К тому же отношение к искусству как к священному действу зачастую означало употребление опиума или лауданума для подготовки к такому опыту; некоторые курили или даже вводили внутривенно более крепкие опиумные дистилляты, полученные во время войны. В состоянии дурмана музыка Тристана звучала особенно завораживающе, как говорили опытные люди, даже те, кто не любил примитивного треньканья затерянных цивилизаций; опиум способствовал глубокому погружению в чувственную плоскость музыкального звука, в простейшие гармонии, передающиеся от одурманенных музыкантов одурманенной аудитории. А в сочетании с разлитыми в воздухе ароматами искусного парфюмера представление становилось поистине мистическим. Некоторые относились к этому скептически. Кирана сказала однажды:

– В состоянии такого кайфа они могли бы тянуть одну ноту в течение целого часа, нюхать собственные подмышки, и были бы довольны, как птицы.
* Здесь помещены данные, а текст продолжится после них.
Lemma sum_le_vnorm n (w : 'cV[R]_n) : `|\sum_i w i 0| <= Num.sqrt n%:R * vnorm w.
Proof.
rewrite -(ler_pXn2r (n := 2)) ?nnegrE ?mulr_ge0 ?vnorm_ge0 ?sqrtr_ge0 //.
rewrite exprMn vnorm_sqr sqr_sqrtr ?ler0n // real_normK ?num_real //.
have := sum_mul_sqr_le (fun _ => 1) (fun i => w i 0).
by under eq_bigr do rewrite mul1r; rewrite sumr_const card_ord expr1n.
Qed.

End EuclideanNorm.

Section SpectralNorm.
Variable R : realType.
Implicit Types (p q : nat).

Let specnorm_set p q (A : 'M[R]_(p, q)) :=
  [set vnorm (A *m v) | v in [set v : 'cV[R]_q | vnorm v <= 1]].

Let specnorm_set0 p q (A : 'M[R]_(p, q)) : specnorm_set A 0.
Proof. by exists 0; rewrite /= ?mulmx0 vnorm0. Qed.

Let specnorm_set_ubound p q (A : 'M[R]_(p, q)) : has_ubound (specnorm_set A).
Proof.
exists (\sum_i \sum_j `|A i j|) => _ [v /= v1 <-].
apply: le_trans (vnorm_le_l1 _) _; apply: ler_sum => i _.
rewrite mxE; apply: le_trans (ler_norm_sum _ _ _) _; apply: ler_sum => j _.
rewrite normrM -[X in _ <= X]mulr1 ler_wpM2l //.
exact: le_trans (coord_le_vnorm _ _) v1.
Qed.

Lemma specnorm_ge0 p q (A : 'M[R]_(p, q)) : 0 <= specnorm A.
Proof. exact: (ub_le_sup (specnorm_set_ubound A) (specnorm_set0 A)). Qed.

Lemma vnorm_mulmx_le p q (A : 'M[R]_(p, q)) v : vnorm (A *m v) <= specnorm A * vnorm v.
Proof.
have [v0|v_neq0] := eqVneq (vnorm v) 0.
  by rewrite v0 mulr0 (vnorm_eq0 v0) mulmx0 vnorm0.
have v_gt0 : 0 < vnorm v by rewrite lt_def v_neq0 vnorm_ge0.
have unit_v : specnorm_set A (vnorm (A *m ((vnorm v)^-1 *: v))).
  by exists ((vnorm v)^-1 *: v) => //=; rewrite vnormZ ger0_norm ?invr_ge0 ?vnorm_ge0 // mulVf.
have := ub_le_sup (specnorm_set_ubound A) unit_v.
by rewrite -scalemxAr vnormZ ger0_norm ?invr_ge0 ?vnorm_ge0 // mulrC ler_pdivrMr // mulrC.
Qed.

Lemma specnorm_le p q (A : 'M[R]_(p, q)) M :
  (forall v, vnorm v <= 1 -> vnorm (A *m v) <= M) -> specnorm A <= M.
Proof.
move=> AM; apply: ge_sup; first by exists 0; exact: specnorm_set0.
by move=> _ [v /= v1 <-]; exact: AM.
Qed.

Lemma vnorm_rank1_mulmx_le n k (u : 'cV[R]_n) (v a : 'cV[R]_k) :
  vnorm u = 1 -> vnorm v <= 1 -> vnorm ((u *m v^T) *m a) <= vnorm a.
Proof.
move=> u1 v1; rewrite -mulmxA (mx11_scalar (v^T *m a)) mul_mx_scalar vnormZ u1 mulr1.
apply: le_trans (dot_le_vnorm v a) _.
by rewrite -[X in _ <= X]mul1r ler_wpM2r ?vnorm_ge0.
Qed.

Lemma specnorm_le_pairing p q (A : 'M[R]_(p, q)) M : 0 <= M ->
  (forall u v, vnorm u = 1 -> vnorm v <= 1 -> \sum_i \sum_j A i j * (u *m v^T) i j <= M) ->
  specnorm A <= M.
Proof.
move=> M0 AM; apply: specnorm_le => v v1.
set w := A *m v; have [w0|w_neq0] := eqVneq (vnorm w) 0; first by rewrite w0.
have := AM ((vnorm w)^-1 *: w) v _ v1.
rewrite vnormZ ger0_norm ?invr_ge0 ?vnorm_ge0 // mulVf // => /(_ erefl).
congr (_ <= _); rewrite -[RHS](mulKf w_neq0) -expr2 vnorm_sqr mulr_sumr.
apply: eq_bigr => i _; rewrite expr2 mulrA [X in _ = _ * X]mxE mulr_sumr.
by apply: eq_bigr => j _; rewrite !mxE big_ord1 !mxE; ring.
Qed.

End SpectralNorm.

Section RealInequalities.
Variable R : realType.

Lemma sqr_le_split (u e s : R) : 0 < s ->
  u ^+ 2 <= (1 + s) * e ^+ 2 + (1 + s^-1) * (u - e) ^+ 2.
Proof.
move=> s_gt0; rewrite -subr_ge0.
have -> : (1 + s) * e ^+ 2 + (1 + s^-1) * (u - e) ^+ 2 - u ^+ 2 =
    s^-1 * (s * e - (u - e)) ^+ 2 by field; rewrite gt_eqF.
by rewrite mulr_ge0 ?invr_ge0 ?sqr_ge0 ?ltW.
Qed.

Lemma le_mul_of_amgm (X A B : R) : 0 <= A -> 0 <= B ->
  (forall s, 0 < s -> X <= (s * A ^+ 2 + B ^+ 2 / s) / 2) -> X <= A * B.
Proof.
move=> A_ge0 B_ge0 amgm; have [X_le0|X_gt0] := lerP X 0.
  exact: le_trans X_le0 (mulr_ge0 A_ge0 B_ge0).
have [A0|A_neq0] := eqVneq A 0.
  set s := B ^+ 2 / X + 1.
  have s_gt0 : 0 < s by rewrite ltr_wpDl ?divr_ge0 ?sqr_ge0 ?ltW.
  have Xs : X * s = B ^+ 2 + X by rewrite mulrDr mulr1 mulrC divfK ?gt_eqF.
  have := amgm _ s_gt0; rewrite A0 expr0n mulr0 add0r !ler_pdivlMr //.
  have := sqr_ge0 B; nra.
have s_gt0 : 0 < X / A ^+ 2 by rewrite divr_gt0 ?exprn_gt0 // lt_def A_neq0.
have := amgm _ s_gt0; rewrite divfK ?expf_neq0 //.
have -> : B ^+ 2 / (X / A ^+ 2) = (A * B) ^+ 2 / X by field; rewrite A_neq0 gt_eqF.
move=> XY; have XX : X * X <= (A * B) ^+ 2.
  by rewrite -ler_pdivlMr //; move: XY; set Y := _ / X; lra.
have AB_ge0 := mulr_ge0 A_ge0 B_ge0.
by rewrite -(ler_pXn2r (n := 2)) ?nnegrE ?(ltW X_gt0) // expr2.
Qed.

Lemma lipschitz_const_ge0 (s : R -> R) c :
  (forall a b, `|s a - s b| <= c * `|a - b|) -> 0 <= c.
Proof. by move=> /(_ 1 0); rewrite subr0 normr1 mulr1; apply: le_trans. Qed.

Lemma lipschitz_continuous (s : R -> R) c :
  (forall a b, `|s a - s b| <= c * `|a - b|) -> continuous s.
Proof.
move=> s_lip x; have c1_gt0 : 0 < c + 1 by rewrite ltr_wpDl ?(lipschitz_const_ge0 s_lip).
apply/cvgrPdist_lt => e e_gt0; apply/nbhs_ballP.
exists (e / (c + 1)) => [|y /=]; first by rewrite /= divr_gt0.
rewrite /ball /= ltr_pdivlMr // => xy; apply: le_lt_trans (s_lip x y) _.
have := normr_ge0 (x - y); nra.
Qed.

End RealInequalities.

Section DirectionalDerivative.
Variables (R : realType) (U : normedModType R).

Lemma diff_le_of_expansion (F : U -> R) (th H : U) (P Q : R) :
  differentiable F th ->
  (forall t, 0 < t -> F (t *: H + th) - F th <= t * P + t ^+ 2 * Q) ->
  'd F th H <= P.
Proof.
move=> dF expansion; rewrite -deriveE //.
have Dcvg : t^-1 *: (F (t *: H + th) - F th) @[t --> 0^'] --> 'D_H F th.
  exact: diff_derivable.
have Dcvg_right : t^-1 *: (F (t *: H + th) - F th) @[t --> 0^'+] --> 'D_H F th.
  move=> A /Dcvg; rewrite !nbhs_simpl /= /dnbhs /at_right /within /=.
  by apply: filterS => t At /lt0r_neq0; exact: At.
apply/ler_addgt0Pr => e e_gt0; apply: (cvgr_to_le Dcvg_right).
have Q1_gt0 : 0 < `|Q| + 1 by rewrite ltr_pwDr.
near=> t.
have t_gt0 : 0 < t by near: t; exact: nbhs_right_gt.
have t_small : t < e / (`|Q| + 1) by near: t; apply: nbhs_right_lt; rewrite divr_gt0.
rewrite /= -[X in X <= _]/(t^-1 * (F (t *: H + th) - F th)) mulrC ler_pdivrMr //.
apply: le_trans (expansion t t_gt0) _.
move: t_small; rewrite ltr_pdivlMr // => t_small.
have := ler_norm Q; have := normr_ge0 Q; nra.
Unshelve. all: by end_near. Qed.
Тристан сам часто проводил опиумные церемонии перед музыкальными вечерами, окружёнными каким-то полусектантским флёром, будто сам он был этаким суфийским ментором или актёром в роли Хусейна в одной из пьес о мученичестве Хусейна, которые опиумная компания также посещала после странствия по стране грёз, чтобы посмотреть, как Хусейн надевает собственный саван, перед тем как его убивает Шамир, и зрители ахают – не от ужаса из-за убийства на сцене, а из-за его жертвенного выбора. В некоторых шиитских странах игравшим Шамира приходилось опасаться за жизнь после занавеса, и немало неудачливых артистов было убито толпой. Тристан это полностью одобрял; он хотел, чтобы и его аудитория достигала такого же погружения в его музыку.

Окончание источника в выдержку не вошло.